◆ **YOUR ASSIGNMENT**: Return exactly those lines of the material below that fall between the line holding "From mathcomp.real_closed Require" and the line holding "(* K is R (rv", inclusive.

◆ **SOURCE MATERIAL**:
^^^^^^^^

Definition dnorm (f : X -> K) : R :=
  sup [set rv `|f x| | x in [set x : X | `|x| <= 1]].

Definition dual_ball : set (X -> K) :=
  [set f | dual_elt f /\ dnorm f <= 1].

Definition dual_bounded (A : set (X -> K)) : Prop :=
  A `<=` dual_elt /\ exists M : R, forall f, A f -> dnorm f <= M.

Definition bidual_elt (phi : (X -> K) -> K) : Prop :=
  (forall (a : K) (f g : X -> K), dual_elt f -> dual_elt g ->
      phi (fun x => a * f x + g x) = a * phi f + phi g) /\
  exists M : R, forall f, dual_elt f -> rv `|phi f| <= M * dnorm f.

(* W is a weakly compact subset of X', i.e. compact for sigma(X', X''):
   every proper filter containing W has a cluster point in W for the weak
   topology (whose basic neighbourhoods of a are given by finitely many
   elements of X'' and an epsilon). *)
Definition weakly_compact (W : set (X -> K)) : Prop :=
  W `<=` dual_elt /\
  forall F : set_system (X -> K), ProperFilter F -> F W ->
    exists2 a, W a &
      forall (phis : seq ((X -> K) -> K)) (eps : R), 0 < eps ->
        (forall phi, phi \in phis -> bidual_elt phi) ->
        forall S, F S ->
          exists g, [/\ S g, W g &
            forall phi, phi \in phis -> rv `|phi g - phi a| < eps].

Definition dual_dist (a : X -> K) (W : set (X -> K)) : \bar R :=
  ereal_inf [set (dnorm (fun x => a x - k x))%:E | k in W].

Definition omega (A : set (X -> K)) : \bar R :=
  ereal_inf [set ereal_sup [set dual_dist a W | a in A]
            | W in [set W | W !=set0 /\ weakly_compact W]].

Definition wuc1 (x : nat -> X) : Prop :=
  (ereal_sup [set (\sum_(0 <= n <oo) ((rv `|f (x n)|)%:E))%E
             | f in dual_ball] <= 1%:E)%E.

Definition eta (W : set (X -> K)) : \bar R :=
  ereal_sup [set limn_esup (fun n => ereal_sup [set (rv `|f (x n)|)%:E | f in W])
            | x in wuc1].

End Dual.

Definition ca (Y : normedModType K) (y : nat -> Y) : \bar R :=
  ereal_inf [set ereal_sup [set (rv `|y kl.1 - y kl.2|)%:E
                           | kl in [set kl : nat * nat | (n <= kl.1)%N /\ (n <= kl.2)%N]]
            | n in [set: nat]].

(* uc(T); the n-th partial sum sum_{i=1}^n T x_i is \sum_(i < n.+1) T (x i)
   with 0-based indexing of the sequence *)
Definition uc (X Y : normedModType K) (T : X -> Y) : \bar R :=
  ereal_sup [set ca (fun n => \sum_(i < n.+1) T (x i)) | x in @wuc1 X].

Definition adj_ball (X Y : normedModType K) (T : X -> Y) : set (X -> K) :=
  [set (fun x => g (T x)) | g in @dual_ball Y].

Definition omega_adj (X Y : normedModType K) (T : X -> Y) : \bar R :=
  omega (adj_ball T).

Definition prop3p4_equiv (X : completeNormedModType K) (C : R) : Prop :=
  (forall (Y : completeNormedModType K) (T : {linear X -> Y}),
      continuous T -> (omega_adj T <= C%:E * uc T)%E)
  <->
  (forall W : set (X -> K), dual_bounded W -> (omega W <= C%:E * eta W)%E).

End Measures.

From Pilot Require Import Defs.
From HB Require Import structures.
From mathcomp Require Import all_boot all_order all_algebra.
From mathcomp Require Import all_classical all_reals all_analysis.
From mathcomp.real_closed Require Import complex.
Import Order.TTheory GRing.Theory Num.Theory.
Local Open Scope classical_set_scope.
Local Open Scope ring_scope.
Set Implicit Arguments.
Unset Strict Implicit.
Unset Printing Implicit Defensive.

(* (2) => (1): for a bounded T : X -> Y the set T'(B_Y') is bounded
   in X', and eta(T'(B_Y')) <= uc(T) because T x_n is the difference of two
   consecutive partial sums of (T x_n).
   (1) => (2): a nonempty bounded W in X' gives the bounded operator
   T x = (f x)_(f in W) from X into the Banach space l_oo(W).  The coordinate
   functionals lie in B_(l_oo(W)'), so W is contained in T'(B_(l_oo(W)')) and
   omega(W) <= omega(T') <= C uc(T).  Finally uc(T) <= eta(W): if the partial
   sums of (T x_n) oscillate by more than r beyond every index, one picks
   consecutive disjoint blocks of (x_n) whose sums u_j satisfy ||T u_j|| > r;
   the sequence (u_j) is again admissible in the definition of eta, so
   eta(W) >= r.  The empty W is trivial since omega(empty) = -oo. *)

(* K is R (rv = emb = id) or R[i] (rv = Re, emb = real_complex); rv is only ever
   applied to nonnegative elements of K, where it inverts emb. *)
Section Scalars.
Context (R : realType) (K : numFieldType) (rv : K -> R) (emb : {rmorphism R -> K}).
Hypothesis ler_emb : forall r s : R, (emb r <= emb s) = (r <= s).
Hypothesis embK : cancel emb rv.
Hypothesis rvK : forall k : K, 0 <= k -> emb (rv k) = k.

^^^^^^^^

◆ **ANSWER TO THIS TASK**:
From mathcomp.real_closed Require Import complex.
Import Order.TTheory GRing.Theory Num.Theory.
Local Open Scope classical_set_scope.
Local Open Scope ring_scope.
Set Implicit Arguments.
Unset Strict Implicit.
Unset Printing Implicit Defensive.

(* (2) => (1): for a bounded T : X -> Y the set T'(B_Y') is bounded
   in X', and eta(T'(B_Y')) <= uc(T) because T x_n is the difference of two
   consecutive partial sums of (T x_n).
   (1) => (2): a nonempty bounded W in X' gives the bounded operator
   T x = (f x)_(f in W) from X into the Banach space l_oo(W).  The coordinate
   functionals lie in B_(l_oo(W)'), so W is contained in T'(B_(l_oo(W)')) and
   omega(W) <= omega(T') <= C uc(T).  Finally uc(T) <= eta(W): if the partial
   sums of (T x_n) oscillate by more than r beyond every index, one picks
   consecutive disjoint blocks of (x_n) whose sums u_j satisfy ||T u_j|| > r;
   the sequence (u_j) is again admissible in the definition of eta, so
   eta(W) >= r.  The empty W is trivial since omega(empty) = -oo. *)

(* K is R (rv = emb = id) or R[i] (rv = Re, emb = real_complex); rv is only ever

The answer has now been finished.